Using Deep Learning To Extract Knowledge From Job Descriptions
We present a deep learning approach to extract knowledge from a large amount of data from the recruitment space. A learning to rank approach is followed to train a convolutional neural network to generate job title and job description embeddings.
By Jan Luts, Senior Data Scientist at The Search Party.
At Search Party we are in the business of creating intelligent recruitment software. One of the problems we deal with is matching candidates and vacancies in order to create a recommendation engine. This usually requires parsing, interpreting and normalising messy, semi-/unstructured, textual data from résumés and vacancies, which is where the following come in: conditional random fields, bag-of-words, TF-IDFs, WordNet, statistical analysis, but also a lot of manual work done by linguists and domain experts for the creation of synonym lists, skill taxonomies, job title hierarchies, knowledge bases or ontologies.
While these concepts are valuable for the problem we try to solve, they also require a certain amount of manual feature engineering and human expertise. This expertise is certainly a factor that makes these techniques valuable, but the question remains whether more automated approaches can be used to extract knowledge about the job space to complement these more traditional approaches.
Here, our goal was to explore the use of deep learning methodology to extract knowledge from recruitment data, thereby leveraging a large amount of job vacancies. The data set included 10 million vacancies originating from the UK, Australia, New Zealand and Canada, covering the period 2014-2016. The total number of words in the data was 3 billion. This data set was split in a set for training (8.5 million) and a set for testing (1.5 million). For each vacancy we had the job description and the corresponding job title. We found that the job titles were usually reliable, but there was definitely a certain amount of noise in the data. The 10 million vacancies had 89,098 different job titles. Minimal preprocessing of the data was done: we tokenized the raw text of the job descriptions in words and all words were transformed to lowercase. No feature engineering was done.

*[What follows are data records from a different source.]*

(* All zeros of $c$, $s$, $d$ lie on the three rays $\{-\zeta_2^{j}x: x\ge 0\}$, $j\in\{-1,0,1\}$ (the bisectors of the sectors $S_p=\{z:\frac{2\pi}{3}(p-1)<\arg z<\frac{2\pi p}{3}\}$, $p=1,2,3$). More precisely, the zero sets of $c,s,d$ are respectively $\{-\zeta_2^{j}x_c(k)\}$, $\{-\zeta_2^{j}x_s(k)\}$, $\{-\zeta_2^{j}x_d(k)\}$ ($j\in\{-1,0,1\}$, $k\ge1$), where $0<x_c(1)<x_c(2)<\dots$ are the positive roots of $\cos\frac{\sqrt3}{2}x=-\frac12e^{-\frac32x}$, $0=x_s(1)<x_s(2)<\dots$ are the nonnegative roots of $\sin\left(\frac{\sqrt3}{2}x+\frac\pi6\right)=\frac12e^{-\frac32x}$, and $0=x_d(1)<x_d(2)<\dots$ are the nonnegative roots of $\sin\left(\frac{\sqrt3}{2}x-\frac\pi6\right)=-\frac12e^{-\frac32x}$; all these roots of the respective real equations are simple. Moreover, the sequence $(x_d(k))$ interlaces with $(x_s(k))$, and $(x_s(k))$ interlaces with $(x_c(k))$.
   Context: Let $\zeta_1=1$, $\zeta_2=-\frac12+\frac{\sqrt3}{2}i$, $\zeta_3=-\frac12-\frac{\sqrt3}{2}i$ be the cube roots of unity. For $z\in\mathbb C$ define $c(z)=\frac13\sum_{k=1}^3 e^{z\zeta_k}$, $s(z)=\frac13\sum_{k=1}^3\zeta_k^{-1}e^{z\zeta_k}$, $d(z)=\frac13\sum_{k=1}^3\zeta_k^{-2}e^{z\zeta_k}$. *)

From Stdlib Require Import Reals.
From Coquelicot Require Export Coquelicot.
Open Scope R_scope.

Definition cexp (z : C) : C :=
  (exp (fst z) * cos (snd z), exp (fst z) * sin (snd z)).

Definition zeta1 : C := RtoC 1.
Definition zeta2 : C := (-1/2, sqrt 3 / 2).
Definition zeta3 : C := (-1/2, - (sqrt 3 / 2)).

Open Scope C_scope.

Definition cfun (z : C) : C :=
  (cexp (zeta1 * z) + cexp (zeta2 * z) + cexp (zeta3 * z)) / 3.
Definition sfun (z : C) : C :=
  (/ zeta1 * cexp (zeta1 * z) + / zeta2 * cexp (zeta2 * z)
     + / zeta3 * cexp (zeta3 * z)) / 3.
Definition dfun (z : C) : C :=
  (/ (zeta1 ^ 2) * cexp (zeta1 * z) + / (zeta2 ^ 2) * cexp (zeta2 * z)
     + / (zeta3 ^ 2) * cexp (zeta3 * z)) / 3.

Close Scope C_scope.

Definition eqc (x : R) : R := cos (sqrt 3 / 2 * x) - (- (1/2) * exp (- (3/2) * x)).
Definition eqs (x : R) : R := sin (sqrt 3 / 2 * x + PI / 6) - (1/2) * exp (- (3/2) * x).
Definition eqd (x : R) : R := sin (sqrt 3 / 2 * x - PI / 6) - (- (1/2) * exp (- (3/2) * x)).

Definition on_rays (z : C) (x : R) : Prop :=
  exists w : C, (w = Cinv zeta2 \/ w = RtoC 1 \/ w = zeta2) /\ z = Copp (Cmult w (RtoC x)).

Definition simple_root (f : R -> R) (x : R) : Prop :=
  exists l : R, is_derive f x l /\ l <> 0.

From Stdlib Require Import Reals Lra Lia.
From Coquelicot Require Import Coquelicot.
Open Scope R_scope.

(* With theta = sqrt 3 / 2 * x, each of the three real
   equations says  F sg dl x = 0  for  F sg dl x = cos (theta + dl) + sg e^(-3x/2) / 2,
   sg = +-1.  At a positive root |cos (theta + dl)| < 1/2, so the phase lies in a
   window (k PI + PI/3, k PI + 2 PI/3).  There the sine term dominates F', so a
   window holds at most one root (mean value theorem), and F changes sign across
   it, so it holds exactly one (intermediate value theorem).  This enumerates the
   positive roots (F_roots_enumeration); c_roots, s_roots, d_roots place the k-th
   root of each equation in the sixth (m PI/3, (m+1) PI/3) of the theta-axis with
   m = 3k+1, 3k+2, 3k+3, from which monotonicity and interlacing are read off.
   F' <> 0 at the roots gives simplicity.

   Complex zeros.  c, s, d are one third of  tri z = e^z + w e^(zeta2 z) +
   conj(w) e^(zeta3 z)  for a cube root of unity w.  Since tri (zeta2 z) =
   conj(w) tri z, every zero has a rotate in the half-plane Re z <= 0; there a
   modulus/argument comparison (phase_balance_real) forces Im z = 0, and on the
   negative real axis tri = 0 is exactly the real equation (tri_zero_set). *)

Lemma sqrt3_sq : sqrt 3 * sqrt 3 = 3.
Proof. apply sqrt_sqrt; lra. Qed.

Our model architecture consists of a convolutional neural network (CNN) that generates an embedding for a job description and a lookup table with job title embeddings:
The cosine similarity between the job title embedding and the job description embedding was used as a scoring function. We followed a learning to rank approach using the pairwise hinge loss to train this model. The word lookup table contained 100-dimensional embeddings for the 425,845 most frequent words. The job title lookup table consisted of 89,098 100-dimensional job title embeddings. For the convolution layer we set the number of filters to 1,000, the kernel width to 5 and the stride to 1. This model has 52,095,400 parameters and word embeddings were initialized using rescaled Word2Vec coefficients, obtained from running it on our training data. Optimisation was done using stochastic gradient descent and dropout was used for regularisation purposes. The implementation was done using Torch 7.
Predicting Job Titles
The obvious first results to look at are what the model was trained to do: predicting a job title for a job description. This is a job description for an infrastructure engineer that was not part of the training set:
The job title is included in this job description and is in fact mentioned three times. There are also a lot of detailed duties and skills included for the position. An alternative job description was created by replacing the job title “infrastructure engineer” with “person” and removing the two other references.

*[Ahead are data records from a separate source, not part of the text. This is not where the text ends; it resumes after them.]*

Lemma cyclic_potential (s : W -> W) (c : W -> bool) (w0 : W) :
  injective s -> (forall i j, fconnect s i j) -> ~~ odd #|[set j | c j]| ->
  exists x : {ffun W -> bool}, forall j, x (s j) = x j (+) c j.
Proof.
move=> s_inj conn even_c.
pose N := order s w0.
pose parity m := \big[addb/false]_(k < m) c (iter k s w0).
have parity_N : parity N = false.
  have iter_bij : bijective (fun k : 'I_N => iter k s w0).
    apply: inj_card_bij => [k l /(congr1 (findex s w0))|].
      by rewrite !findex_iter //; apply: val_inj.
    by rewrite card_ord /N /order; apply/subset_leq_card/subsetP => v _; exact: conn.
  by move: even_c; rewrite odd_card_addb (reindex _ (onW_bij _ iter_bij)) => /negbTE.
exists [ffun v => parity (findex s w0 v)] => j; rewrite !ffunE.
have := findex_max (conn w0 j); have := iter_findex (conn w0 j).
set k := findex s w0 j => j_def lt_k_N.
have parity_S : parity k.+1 = parity k (+) c j by rewrite /parity big_ord_recr /= j_def.
case: (ltngtP k.+1 N) => [lt_k1_N | | k1_N].
- by rewrite -parity_S -j_def -iterS findex_iter.
- by rewrite ltnNge lt_k_N.
- have -> : s j = w0 by rewrite -j_def -iterS k1_N iter_order.
  by rewrite findex0 -parity_S k1_N parity_N /parity big_ord0.
Qed.

Lemma positive_circular_fixed_points g (w0 : W) :
  positive_circular g -> exists x y, [/\ fixed_point g x, fixed_point g y & x <> y].
Proof.
case=> excl [s [arc_s [conn even_neg]]].
have /fin_all_exists[r rK] : forall i, exists j, s j = i.
  move=> i; have := iter_findex (conn (s i) i).
  by exists (iter (findex s (s i) i) s i); rewrite -iterS iterSr.
have sK : cancel s r := (bij_can_sym (injF_bij (can_inj rK)) s).2 rK.
pose n j := neg_arc g j (s j).
have g_val x i : g x i = (x (r i) != n (r i)).
  rewrite /n rK; apply: single_input_value => [j||]; last exact: excl.
    by rewrite arc_s => /eqP->; rewrite sK.
  by rewrite arc_s rK.
have fixed x : (forall j, x (s j) = x j (+) n j) -> fixed_point g x.
  by move=> x_pot; apply/ffunP => i; rewrite g_val -[x i](congr1 x (rK i)) x_pot negb_eqb.
have [x x_pot] := cyclic_potential w0 (can_inj sK) conn even_neg.
exists x, [ffun v => ~~ x v]; split; first exact: fixed.
  by apply: fixed => j; rewrite !ffunE x_pot addNb.
by move/ffunP/(_ w0); rewrite ffunE; case: (x w0).
Qed.

End Networks.

Definition splice (T : finType) (A : {set T}) (x z : {ffun T -> bool}) :=
  [ffun v => if v \in A then x v else z v].

Section Glue.
Variables (V : finType) (I : {set V}) (z : {ffun V -> bool}).

Lemma glue_val y (i : {i : V | i \in I}) : glue I z y (val i) = y i.
Proof. by rewrite ffunE valK. Qed.

Lemma glue_out y v : v \notin I -> glue I z y v = z v.
Proof. by move=> vI; rewrite ffunE insubN. Qed.

Lemma glue_inj : injective (glue I z).
Proof. by move=> y1 y2 eq_glue; apply/ffunP => i; rewrite -!glue_val eq_glue. Qed.

End Glue.

Section AndNet.
Variables (V : finType) (f : network V).
Hypothesis f_and : and_net f.
Implicit Types (I T : {set V}) (x z X Y : {ffun V -> bool}).

Definition literal j i x := x j != neg_arc f j i.

Lemma and_netE x i : f x i = [forall j, arc f j i ==> literal j i x].
Proof.
case: f_and => excl ->; apply: eq_forallb => j; rewrite /arc /literal.
by move: (excl j i); case: (pos_arc f j i); case: (neg_arc f j i); case: (x j).
Qed.

(* The restrictions of [X] and [Y] to [I] are fixed points of the subnetwork of [f]
   on [I] induced by their common values outside [I]. *)
Definition twins I X Y :=
  [/\ {in ~: I, X =1 Y}, {in I, forall i, f X i = X i} & {in I, forall i, f Y i = Y i}].

Lemma subnet_fixed_points_twins I z y1 y2 :
  fixed_point (subnet f I z) y1 -> fixed_point (subnet f I z) y2 ->
  twins I (glue I z y1) (glue I z y2).
Proof.
have fixed y : fixed_point (subnet f I z) y -> {in I, forall i, f (glue I z y) i = glue I z y i}.
  by move=> fix_y i iI; rewrite -[i]/(val (Sub i iI : {i | i \in I})) glue_val -{2}fix_y ffunE.
by move=> /fixed fix1 /fixed fix2; split => // v; rewrite inE => vI; rewrite !glue_out.
Qed.

Lemma twins_neq0 I X Y : twins I X Y -> X != Y -> I != set0.
Proof.
case=> off _ _; apply: contraNneq => I0; apply/eqP/ffunP => v.
by apply: off; rewrite I0 setC0 inE.
Qed.

Definition sole_parent I p u := [forall j in I, arc f j u ==> (j == p)].

Section MinimalTwins.
Variables (I : {set V}) (X Y : {ffun V -> bool}).
Hypotheses (XY_twins : twins I X Y) (X_neq_Y : X != Y).
Hypothesis I_minimal : forall T X' Y', T \proper I -> twins T X' Y' -> X' = Y'.

Lemma twins_opposite : {in I, forall i, Y i = ~~ X i}.
Proof.
move=> i iI; have [XYi|] := eqVneq (X i) (Y i); last by case: (X i); case: (Y i).
case/negP: X_neq_Y; apply/eqP/(I_minimal (properD1 iI)).
case: XY_twins => off fixX fixY; split=> v; rewrite !inE.
- by rewrite negb_and negbK => /orP[/eqP->|vI] //; apply: off; rewrite inE.
- by case/andP=> _ /fixX.
- by case/andP=> _ /fixY.
Qed.

Lemma twins_sat i : i \in I -> f (if X i then X else Y) i.
Proof.
case: XY_twins => _ fixX fixY iI.
by case: ifP => Xi; rewrite ?fixX ?fixY ?twins_opposite ?Xi.
Qed.

Lemma literal_out k i : k \notin I -> i \in I -> arc f k i -> literal k i X.
Proof.
move=> kI iI arc_ki; have := twins_sat iI; rewrite and_netE => /forallP/(_ k).
rewrite arc_ki /literal; case: XY_twins => off _ _.
by case: ifP; rewrite // -off // inE.
Qed.

Lemma literal_in b j i :
  j \in I -> i \in I -> arc f j i -> literal j i (if b then X else Y) = (X i == b).
Proof.
move=> jI iI arc_ji; have := twins_sat iI; rewrite and_netE => /forallP/(_ j).
rewrite arc_ji /literal; case: (X i); case: b => /=; rewrite ?(twins_opposite jI);
  by case: (X j); case: (neg_arc f j i).
Qed.

Lemma has_parent i : i \in I -> [exists j in I, arc f j i].
Proof.
move=> iI; apply: contraT; rewrite negb_exists_in => /forall_inP no_parent.
have : f X i = f Y i.
  rewrite !and_netE; apply: eq_forallb => j; case: (boolP (j \in I)) => jI.
    by rewrite (negbTE (no_parent j jI)).
  by case: XY_twins => off _ _; rewrite /literal off // inE.
case: XY_twins => _ -> // -> //; rewrite twins_opposite //; by case: (X i).
Qed.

Now we run the job title prediction model on both job descriptions and compare the resulting embeddings with the learned job title embeddings from the model using the cosine similarity. These are the 10 most likely job titles under both scenarios:
|Original job description||Without “infrastructure engineer”|
|1||infrastructure engineer||linux engineer|
|2||linux engineer||devops engineer|
|3||systems engineer||linux systems engineer|
|4||windows engineer||systems engineer|
|5||devops engineer||systems administrator|
|7||linux infrastructure engineer||senior devops engineer|
|8||automation engineer devops||linux systems administrator|
|9||devops infrastructure engineer||devops consultant|
|10||linux systems engineer||build automation engineer|
For the original vacancy the best matching job title was “infrastructure engineer”, which happens to be the correct one. However, most other job titles in the top 10 make sense, although the “windows engineer” is a bit of an outlier. For the modified job description, the best matching job title is “linux engineer”. It looks like the other 9 job titles would also be acceptable for this scenario.
This example shows that the model was able to extract the job title, but it also came up with a meaningful prediction when we removed the actual job title from the job description. This suggests that the model was using duties, skills and other types of information in the description to come up with a prediction when the more direct information was missing.
While the model was trained on job description data, we wanted to test it on data that is structured differently: simple queries that do not include the actual job title. This table shows some of the job titles that it came up with for various input:
|Input||Predicted job title|
|operative for groundworks||groundworker|
|babysitting St Martins Primary School||babysitter|
|we are Pemberton Truck Co and we are hiring regional drivers and a||truck driver|
|taking orders, extensive product knowledge, communication skills, dining skills||wait staff|
|our family is looking for someone to take care of our youngest child and a||nanny|
|we are urgently looking for a developer with a c++ background with a||c++ developer|
|Isuzu Technician (AK4679)||auto technician|
|we are looking for someone to manage a team of five software developers and a||software development manager|
|we are looking for someone to manage a team of five accountants and a||finance manager|
|we are looking for someone to manage a team of five sales representatives and a||sales manager|
These examples suggest that the model (to some extent) captures information about what someone with a particular job title usually does. For example, it predicts that someone who manages a team of accountants is probably a finance manager. By simply replacing “accountants” with “software developers” or “sales representatives” we jump to “software development manager” and “sales manager”, respectively. The model learned that a person who takes care of a child is often a nanny. When a truck company is looking for drivers, it is probably looking for truck drivers. Given the fact that “Isuzu technician” was not part of the job titles in our training data set, the prediction “auto technician” makes sense.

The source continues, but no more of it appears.